Jene Zeit, in der geschwiegen wurde, Augen geschlossen wurden und das Vergessen jegliche Erinnerung ersticken sollte. Es ist, natürlich, die Frage nach der (Mit-)Schuld: des Bruders und auch der Familie, die sich zu entspinnen beginnt und ausgreift in den kritischen Blick auf eine Generation, die zugleich Vätergeneration ist.

Familienkonflikte werden auf die durch einen Krieg und ein Gewaltregime geprägte Gesellschaft übertragen. Ein Wechselspiel entfaltet sich, das in den Gedanken des Autors hin und her geschoben, neu verbunden und verknüpft wird, ohne den Blick auf jenen Menschen zu verlieren, dessen Ergründung augenscheinlich Ziel und Aufgabe des Buches ist.

Dabei wird das Erinnern und vor allem das Schreiben für den Autor quasi zur körperlichen Anstrengung: Es geht nahe. „Der Bruder und ich.“ – Uwe Timm verarbeitet in diesem Buch auch ein Stück von sich selbst, spürt dem Vergangenen rücksichtslos nach.

Fazit

„Am Beispiel meines Bruders“ fragt in besonderer Weise nach den Menschen, ihren Reaktionen, ihrem Verhalten und auch ihren Gefühlen.
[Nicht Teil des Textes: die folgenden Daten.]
(* The A_k are 0/1 matrices partitioning J, so the Schur product acts
   coordinatewise in the basis (A_k) and psi(A_k), being a Schur idempotent,
   is a 0/1-combination of the A_k; distinct A_k go to Schur-orthogonal ones.
   psi is injective: if psi M = 0, Schur-multiplying M by a suitable A_k shows
   psi(A_k) = 0, hence psi(A_k A_k^T) = 0; the A_0-coordinate of A_k A_k^T is
   nonzero, which forces psi(A_0) = psi(I) = 0 and so psi = 0. Therefore psi
   permutes the A_k and fixes A_0. It then preserves A_0-coordinates, and the
   A_0-coordinate of A_a A_b is nonzero exactly when A_b = A_a^T, so psi
   commutes with transposition; conjugation only acts on the coefficients,
   which stay in E. *)

Lemma ctrmx_sum (C : numClosedFieldType) (v n : nat) (c : 'I_n -> C) (B : 'I_n -> 'M[C]_v) :
  ctrmx (\sum_(k < n) c k *: B k) = \sum_(k < n) (c k)^* *: ctrmx (B k).
Proof.
apply/matrixP => x y; rewrite !mxE summxE rmorph_sum summxE; apply: eq_bigr => k _.
by rewrite !mxE rmorphM.
Qed.

Section SchemeBasics.
Variables (C : numClosedFieldType) (v d : nat) (A : 'I_d.+1 -> 'M[C]_v).
Hypothesis hA : is_assoc_scheme A.

Lemma scheme_entry01 k x y : A k x y = 0 \/ A k x y = 1.
Proof. by case: hA => h _; apply: h. Qed.

Lemma scheme_entry_ge0 k x y : 0 <= A k x y.
Proof. by case: (scheme_entry01 k x y) => ->; rewrite ?ler01. Qed.

Lemma scheme_id : A ord0 = 1%:M.
Proof. by case: hA => _ [_ [h _]]. Qed.

Lemma scheme_tr k : exists j, (A k)^T = A j.
Proof. by case: hA => _ [_ [_ [_ [h _]]]]. Qed.

Lemma scheme_mul k l : exists c : 'I_d.+1 -> C, A k *m A l = \sum_(m < d.+1) c m *: A m.
Proof. by case: hA => _ [_ [_ [_ [_ [_ h]]]]]. Qed.

Lemma sum_scheme_entry x y : \sum_(k < d.+1) A k x y = 1.
Proof. by case: hA => _ [_ [_ [hs _]]]; rewrite -summxE hs mxE. Qed.

Lemma scheme_entry_excl k l x y : k != l -> A k x y = 1 -> A l x y = 0.
Proof.
move=> nkl hk; case: (scheme_entry01 l x y) => // hl; exfalso.
have := sum_scheme_entry x y; rewrite (bigD1 k) //= (bigD1 l) 1?eq_sym //= hk hl.
have rest_ge0 : 0 <= \sum_(i < d.+1 | (i != k) && (i != l)) A i x y.
  by apply: sumr_ge0 => i _; apply: scheme_entry_ge0.
move=> /eqP; apply/negP; rewrite addrA -subr_eq0 addrAC addrK.
by apply: lt0r_neq0; rewrite ltr_pwDl.
Qed.

Lemma scheme_entry_cover x y : exists k, A k x y = 1.
Proof.
have [/existsP[k /eqP hk]|/existsPn h] := boolP [exists k, A k x y == 1].
  by exists k.
have := sum_scheme_entry x y; rewrite big1 => [/eqP|k _].
  by rewrite eq_sym oner_eq0.
by case: (scheme_entry01 k x y) => // /eqP; rewrite (negbTE (h k)).
Qed.

Lemma scheme_support k : exists x y, A k x y = 1.
Proof.
case: hA => _ [hnz _].
have [/existsP[x /existsP[y /eqP h]]|/existsPn h] :=
  boolP [exists x, exists y, A k x y == 1]; first by exists x, y.
suff hk0 : A k = 0 by move: (hnz k); rewrite hk0 eqxx.
apply/matrixP => x y; rewrite mxE; case: (scheme_entry01 k x y) => // h1.
by move: (h x) => /existsPn /(_ y); rewrite h1 eqxx.
Qed.

Lemma scheme_sum_entry (c : 'I_d.+1 -> C) k x y : A k x y = 1 ->
  (\sum_(l < d.+1) c l *: A l) x y = c k.
Proof.
move=> hk; rewrite summxE (bigD1 k) //= big1 => [|l hl].
  by rewrite mxE hk mulr1 addr0.
by rewrite mxE (scheme_entry_excl _ hk) ?mulr0 // eq_sym.
Qed.

Lemma schur_scheme_sum (a b : 'I_d.+1 -> C) :
  schur (\sum_(l < d.+1) a l *: A l) (\sum_(l < d.+1) b l *: A l) =
  \sum_(l < d.+1) (a l * b l) *: A l.
Proof.
apply/matrixP => x y; have [k hk] := scheme_entry_cover x y.
by rewrite mxE !(scheme_sum_entry _ hk).
Qed.

Lemma ctrmx_scheme k : ctrmx (A k) = (A k)^T.
Proof.
apply/matrixP => x y; rewrite !mxE.
by case: (scheme_entry01 k y x) => ->; rewrite ?conjC0 ?conjC1.
Qed.

Lemma schur_scheme_id k : schur (A k) (A k) = A k.
Proof.
apply/matrixP => x y; rewrite mxE.
by case: (scheme_entry01 k x y) => ->; rewrite ?mulr0 ?mulr1.
Qed.

Lemma schur_scheme_orth k l : k != l -> schur (A k) (A l) = 0.
Proof.
move=> nkl; apply/matrixP => x y; rewrite !mxE.
case: (scheme_entry01 k x y) => h; first by rewrite h mul0r.
by rewrite (scheme_entry_excl nkl h) mulr0.
Qed.

Lemma schur_scheme_sumr k (c : 'I_d.+1 -> C) :
  schur (A k) (\sum_(l < d.+1) c l *: A l) = c k *: A k.
Proof.
apply/matrixP => x y; have [l hl] := scheme_entry_cover x y.
rewrite !mxE (scheme_sum_entry _ hl); have [->|nkl] := eqVneq k l.
  by rewrite hl mul1r mulr1.
by rewrite (scheme_entry_excl _ hl) ?mul0r ?mulr0 // eq_sym.
Qed.

(* The coordinate of M on A_k, read off an entry where A_k is 1 (junk 0 if none). *)
Definition sch_coord (M : 'M[C]_v) (k : 'I_d.+1) : C :=
  if [pick xy : 'I_v * 'I_v | A k xy.1 xy.2 == 1] is Some xy then M xy.1 xy.2 else 0.

Lemma sch_coord_sum (c : 'I_d.+1 -> C) k : sch_coord (\sum_(l < d.+1) c l *: A l) k = c k.
Proof.
rewrite /sch_coord; case: pickP => [xy /eqP h|h]; first by rewrite (scheme_sum_entry _ h).
by have [x [y hk]] := scheme_support k; move: (h (x, y)); rewrite /= hk eqxx.
Qed.

Lemma sch_coordZ c k : sch_coord (c *: A k) k = c.
Proof.
rewrite /sch_coord; case: pickP => [xy /eqP h|h]; first by rewrite mxE h mulr1.
by have [x [y hk]] := scheme_support k; move: (h (x, y)); rewrite /= hk eqxx.
Qed.

Lemma sch_coord0 k : sch_coord 0 k = 0.
Proof. by rewrite /sch_coord; case: pickP => // xy _; rewrite mxE. Qed.

(* Every diagonal entry of A_a A_b equals its A_0-coordinate, and (A_a A_b)(x, x)
   counts the z with A_a(x, z) = A_b(z, x) = 1. *)
Lemma sch_coord0_mul a a' b : (A a)^T = A a' ->
  (sch_coord (A a *m A b) ord0 != 0) = (b == a').
Proof.
move=> ha; have [c hc] := scheme_mul a b; rewrite hc sch_coord_sum.
have [x [y hxy]] := scheme_support a.
have hxx : A ord0 x x = 1 by rewrite scheme_id mxE eqxx.
rewrite -(scheme_sum_entry c hxx) -hc mxE.
have entryT z : A a x z = A a' z x by rewrite -ha mxE.
have [->|nba] := eqVneq b a'.
  apply: lt0r_neq0; rewrite (bigD1 y) //= -entryT hxy mulr1.
  apply: (lt_le_trans ltr01); rewrite lerDl; apply: sumr_ge0 => z _.
  by rewrite entryT; case: (scheme_entry01 a' z x) => ->; rewrite ?mulr0 ?mulr1.
apply/negbTE; rewrite negbK big1 // => z _; rewrite entryT.
case: (scheme_entry01 a' z x) => h; first by rewrite h mul0r.
by rewrite (@scheme_entry_excl a' b _ _ _ h) ?mulr0 // eq_sym.
Qed.

End SchemeBasics.

Section Span.
Variables (C : numClosedFieldType) (v d : nat) (A : 'I_d.+1 -> 'M[C]_v).
Hypothesis hA : is_assoc_scheme A.
Variable E : divringClosed C.

Lemma EspanE M : Espan E A M -> M = \sum_(k < d.+1) sch_coord A M k *: A k.
Proof.
by case=> c [_ ->]; apply: eq_bigr => k _; rewrite sch_coord_sum.
Qed.

Lemma Espan_coord M k : Espan E A M -> sch_coord A M k \in E.
Proof. by case=> c [hc ->]; rewrite sch_coord_sum. Qed.

Lemma Espan_sum (c : 'I_d.+1 -> C) : (forall k, c k \in E) ->
  Espan E A (\sum_(k < d.+1) c k *: A k).
Proof. by move=> h; exists c. Qed.

Lemma schur_scheme_coord k M : Espan E A M -> schur (A k) M = sch_coord A M k *: A k.
Proof. by move=> /EspanE {1}->; rewrite schur_scheme_sumr. Qed.

Lemma Espan0 : Espan E A 0.
Proof.
by exists (fun=> 0); split=> [k|]; rewrite ?rpred0 // big1 // => k _; rewrite scale0r.
Qed.

Lemma Espan_scheme k : Espan E A (A k).
Proof.
exists (fun l => (l == k)%:R); split=> [l|]; first by case: (l == k); rewrite ?rpred0 ?rpred1.
rewrite (bigD1 k) //= big1 => [|l /negbTE ->]; first by rewrite eqxx scale1r addr0.
by rewrite scale0r.
Qed.

Lemma EspanD M N : Espan E A M -> Espan E A N -> Espan E A (M + N).
Proof.
move=> [a [ha ->]] [b [hb ->]]; exists (fun k => a k + b k); split.
  by move=> k; rewrite rpredD.
by rewrite -big_split /=; apply: eq_bigr => k _; rewrite scalerDl.
Qed.

Lemma EspanZ a M : a \in E -> Espan E A M -> Espan E A (a *: M).
Proof.
move=> hE [b [hb ->]]; exists (fun k => a * b k); split.
  by move=> k; rewrite rpredM.
by rewrite scaler_sumr; apply: eq_bigr => k _; rewrite scalerA.
Qed.

Lemma EspanB M N : Espan E A M -> Espan E A N -> Espan E A (M - N).
Proof.
by move=> hM hN; rewrite -scaleN1r; apply/EspanD/EspanZ; rewrite ?rpredN ?rpred1.
Qed.

Lemma Espan_scheme_tr k : Espan E A (A k)^T.
Proof. by have [j ->] := scheme_tr hA k; apply: Espan_scheme. Qed.

(* The structure constants of A_k A_l are entries of that product, hence in E. *)
Lemma Espan_scheme_mul k l : Espan E A (A k *m A l).
Proof.
have [c hc] := scheme_mul hA k l; exists c; split=> // m.
have [x [y hm]] := scheme_support hA m; rewrite -(scheme_sum_entry hA c hm) -hc mxE.
have entryE i a b : A i a b \in E.
  by case: (scheme_entry01 hA i a b) => ->; rewrite ?rpred0 ?rpred1.
by apply: rpred_sum => z _; rewrite rpredM.
Qed.

End Span.

Section Morphism.
Variables (C : numClosedFieldType) (v d : nat) (A : 'I_d.+1 -> 'M[C]_v).
Hypothesis hA : is_assoc_scheme A.
Variable E : divringClosed C.
Variable psi : 'M[C]_v -> 'M[C]_v.
Hypothesis psi_lin : Elinear_on E A psi.
Hypothesis psiM : forall M N, Espan E A M -> Espan E A N -> psi (M *m N) = psi M *m psi N.
Hypothesis psi_schur :
  forall M N, Espan E A M -> Espan E A N -> psi (schur M N) = schur (psi M) (psi N).
Hypothesis psi_neq0 : exists2 M, Espan E A M & psi M != 0.

Let EA k : Espan E A (A k) := Espan_scheme A E k.

Lemma psi_Espan M : Espan E A M -> Espan E A (psi M).
Proof. by case: psi_lin => h _; apply: h. Qed.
Es mag in jener breiten Sparte über das Dritte Reich, den Zweiten Weltkrieg oder den Nationalsozialismus nur ein weiteres Buch sein.

Doch liefert gerade Timms literarische Auseinandersetzung eine weitere, wenn nicht gar andere Perspektive, sich dieser Thematik zu nähern. Aus der Sicht eines Kindes wird auf einen „unfassbaren“ Bruder geblickt; erinnert sich ein Mann, der scharf und erbarmungslos seiner Familie auf den Zahn fühlt.

Er dreht und wendet jedes Detail, besieht, befühlt und erfasst bewusst alles von neuem, so dass ein Erinnerungsband entstanden ist, der händeringend nach Verstehen sucht und letztlich auch Bekenntnis ist.